[What you should do] Give every line below again, exactly as it appears.

[Materials provided]
Theorem lemma18 (R : realFieldType) (V : finType) (H : treeData V)
  (HH : is_btbg H) (q : nat) (Vs : 'I_q -> {set V})
  (Ss : 'I_q -> {set {set lit V}}) :
  (forall i k, i != k -> [disjoint Vs i & Vs k]) ->
  (forall i S, S \in Ss i -> [/\ consistent S, guarded H S & lvars S = Vs i]) ->
  Pr H R (fun S' => forall i, exists2 S, S \in Ss i & EC H S S') =
  \prod_(i < q) Pr H R (fun S' => exists2 S, S \in Ss i & EC H S S').
Proof.
move=> Vs_dis Ss_guarded.
pose event i w := `[< exists2 S, S \in Ss i & EC H S (lits_of (repair H w)) >].
have event_depends i : depends_on (fun w => (event i w)%:R : R) (Vs i).
  have /guarded_event_depends dep : forall S, S \in Ss i -> guarded H S /\ lvars S = Vs i.
    by move=> S /Ss_guarded[].
  by move=> w1 w2 w12; rewrite /event (dep HH w1 w2 w12).
rewrite Pr_uniform //; under eq_bigr do rewrite Pr_uniform //.
rewrite -(uniform_mean_prod Vs_dis event_depends); congr uniform_mean.
apply/funext=> w; rewrite prod_nat_bool; congr (nat_of_bool _)%:R.
apply/idP/idP=> [/asboolP all_i|/forallP all_i].
  by apply/forallP=> i; apply/asboolP.
by apply/asboolP=> i; apply/asboolP/all_i.
Qed.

[Task solution]
Theorem lemma18 (R : realFieldType) (V : finType) (H : treeData V)
  (HH : is_btbg H) (q : nat) (Vs : 'I_q -> {set V})
  (Ss : 'I_q -> {set {set lit V}}) :
  (forall i k, i != k -> [disjoint Vs i & Vs k]) ->
  (forall i S, S \in Ss i -> [/\ consistent S, guarded H S & lvars S = Vs i]) ->
  Pr H R (fun S' => forall i, exists2 S, S \in Ss i & EC H S S') =
  \prod_(i < q) Pr H R (fun S' => exists2 S, S \in Ss i & EC H S S').
Proof.
move=> Vs_dis Ss_guarded.
pose event i w := `[< exists2 S, S \in Ss i & EC H S (lits_of (repair H w)) >].
have event_depends i : depends_on (fun w => (event i w)%:R : R) (Vs i).
  have /guarded_event_depends dep : forall S, S \in Ss i -> guarded H S /\ lvars S = Vs i.
    by move=> S /Ss_guarded[].
  by move=> w1 w2 w12; rewrite /event (dep HH w1 w2 w12).
rewrite Pr_uniform //; under eq_bigr do rewrite Pr_uniform //.
rewrite -(uniform_mean_prod Vs_dis event_depends); congr uniform_mean.
apply/funext=> w; rewrite prod_nat_bool; congr (nat_of_bool _)%:R.
apply/idP/idP=> [/asboolP all_i|/forallP all_i].
  by apply/forallP=> i; apply/asboolP.
by apply/asboolP=> i; apply/asboolP/all_i.
Qed.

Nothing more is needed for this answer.